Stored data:

Lemma pumped_split (A : Type) (a b : seq A) c j j' : j < j' ->
  pumped a b c 0 j' = pumped a b c 0 j ++ (a ++ wpow (c j) b) ++ pumped a b c j.+1 (j' - j.+1).
Proof.
by move=> lt_jj'; rewrite /pumped -{1}(subnKC lt_jj') addSnnS iotaD map_cat flatten_cat.
Qed.

Lemma eq_pumped (A : Type) (a b : seq A) c c' i m :
  (forall k, i <= k < i + m -> c k = c' k) -> pumped a b c i m = pumped a b c' i m.
Proof. by move=> eq_c; congr flatten; apply/eq_in_map => k; rewrite mem_iota => /eq_c->. Qed.

Section Pumping.
Variables (Sigma Gamma : finType) (T : transducer Sigma Gamma).
Variables (i0 q1 q2 t : state T) (x u v y : seq Sigma) (al u1 u2 v1 v2 be : seq Gamma).
Hypotheses (i0_init : i0 \in init T) (t_final : t \in final T).
Hypotheses (run_x : run i0 x al q1) (loop_u : run q1 u u1 q1) (loop_v : run q1 v v1 q1).
Hypotheses (run_u : run q1 u u2 q2) (loop_v' : run q2 v v2 q2) (run_y : run q2 y be t).
Variables (n : nat) (Ts : 'I_n -> transducer Sigma Gamma).
Hypotheses (Ts_sequential : forall k, sequential (Ts k)).
Hypothesis sem_cover : forall z w, sem T z w -> exists k, sem (Ts k) z w.

Definition loop_delay c := Delta (u1 ++ wpow c v1) (u2 ++ wpow c v2).

(* The words x (u v^(c 0)) ... (u v^(c (j-1))) u v^(c j) y: the first [j]
   blocks loop on [q1], the last one moves to [q2]. *)
Definition pump_prefix c j := x ++ pumped u v c 0 j ++ (u ++ wpow (c j) v).
Definition pump_in c j := pump_prefix c j ++ y.
Definition pump_out c j := al ++ pumped u1 v1 c 0 j ++ (u2 ++ wpow (c j) v2) ++ (be ++ fout t).
Definition pump_mid c j j' := pumped u v c j.+1 (j' - j.+1) ++ (u ++ wpow (c j') v) ++ y.
Definition pump_out_tail c j j' :=
  pumped u1 v1 c j.+1 (j' - j.+1) ++ (u2 ++ wpow (c j') v2) ++ (be ++ fout t).

Lemma run_pumped c i m : run q1 (pumped u v c i m) (pumped u1 v1 c i m) q1.
Proof.
elim: m i => [|m IHm] i; first exact: run_nil.
exact: run_cat (run_cat loop_u (run_wpow _ loop_v)) (IHm _).
Qed.

Lemma sem_pump c j : sem T (pump_in c j) (pump_out c j).
Proof.
exists i0, t, (al ++ pumped u1 v1 c 0 j ++ (u2 ++ wpow (c j) v2) ++ be).
split => //; last by rewrite /pump_out !catA.
rewrite /pump_in /pump_prefix -!catA.
apply: run_cat run_x (run_cat (run_pumped _ _ _) (run_cat run_u _)).
exact: run_cat (run_wpow _ loop_v') run_y.
Qed.

Lemma pump_in_split c j j' : j < j' -> pump_in c j' = pump_prefix c j ++ pump_mid c j j'.
Proof.
by move=> lt_jj'; rewrite /pump_in /pump_prefix /pump_mid (pumped_split _ _ _ lt_jj') -!catA.
Qed.
Lemma card_eq_set_bij T U (A : set T) (B : set U) :
  B !=set0 -> A #= B -> exists f, set_bij A B f.
Proof.
move=> [u0 _] /card_bijP [f fbij].
by exists (valLR u0 f); apply/valLR_bijP.
Qed.

Lemma countable_infinite_set_bij T U (A : set T) (B : set U) :
  countable A -> infinite_set A -> countable B -> infinite_set B ->
  exists f, set_bij A B f.
Proof.
move=> cA iA cB iB; apply: card_eq_set_bij; first exact: infinite_setN0.
by apply: card_eq_trans (eq_card_nat cA iA) _; rewrite card_eq_sym eq_card_nat.
Qed.

Lemma set_bij_patch T U (A1 A2 : set T) (B1 B2 : set U) f1 f2 :
  set_bij A1 B1 f1 -> set_bij A2 B2 f2 ->
  A1 `&` A2 = set0 -> B1 `&` B2 = set0 ->
  set_bij (A1 `|` A2) (B1 `|` B2) (patch f2 A1 f1).
Proof.
move=> [f1S f1I f1U] [f2S f2I f2U] A12 B12.
have p1 x : A1 x -> patch f2 A1 f1 x = f1 x by move=> ?; rewrite patchT ?inE.
have p2 x : A2 x -> patch f2 A1 f1 x = f2 x.
  move=> A2x; rewrite patchC // inE => A1x.
  by have : (A1 `&` A2) x by []; rewrite A12.
split.
- by move=> x [Ax|Ax]; [rewrite p1 //; left; apply: f1S|rewrite p2 //; right; apply: f2S].
- move=> x y; rewrite !inE => -[Ax|Ax] [Ay|Ay].
  + by rewrite !p1 //; apply: f1I; rewrite inE.
  + rewrite p1 // p2 // => e.
    have : (B1 `&` B2) (f1 x) by split; [apply: f1S|rewrite e; apply: f2S].
    by rewrite B12.
  + rewrite p2 // p1 // => e.
    have : (B1 `&` B2) (f1 y) by split; [apply: f1S|rewrite -e; apply: f2S].
    by rewrite B12.
  + by rewrite !p2 //; apply: f2I; rewrite inE.
- move=> y [By|By].
  + by have [x Ax <-] := f1U y By; exists x; [left|rewrite p1].
  + by have [x Ax <-] := f2U y By; exists x; [right|rewrite p2].
Qed.

Lemma bijective_patch T U (A A' : set T) (B B' : set U) f f' :
  set_bij A B f -> set_bij A' B' f' ->
  A `|` A' = setT -> A `&` A' = set0 -> B `|` B' = setT -> B `&` B' = set0 ->
  bijective (patch f' A f).
Proof.
move=> fAB fAB' AA' AA'0 BB' BB'0; rewrite -setTT_bijective -AA' -BB'.
exact: set_bij_patch.
Qed.

Lemma set_bij_id T (A : set T) : set_bij A A id.
Proof. by split=> // y Ay; exists y. Qed.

[Assignment] Across the data, how many lines contain the string "first"? Only the number is wanted.

[Answer for the task] 3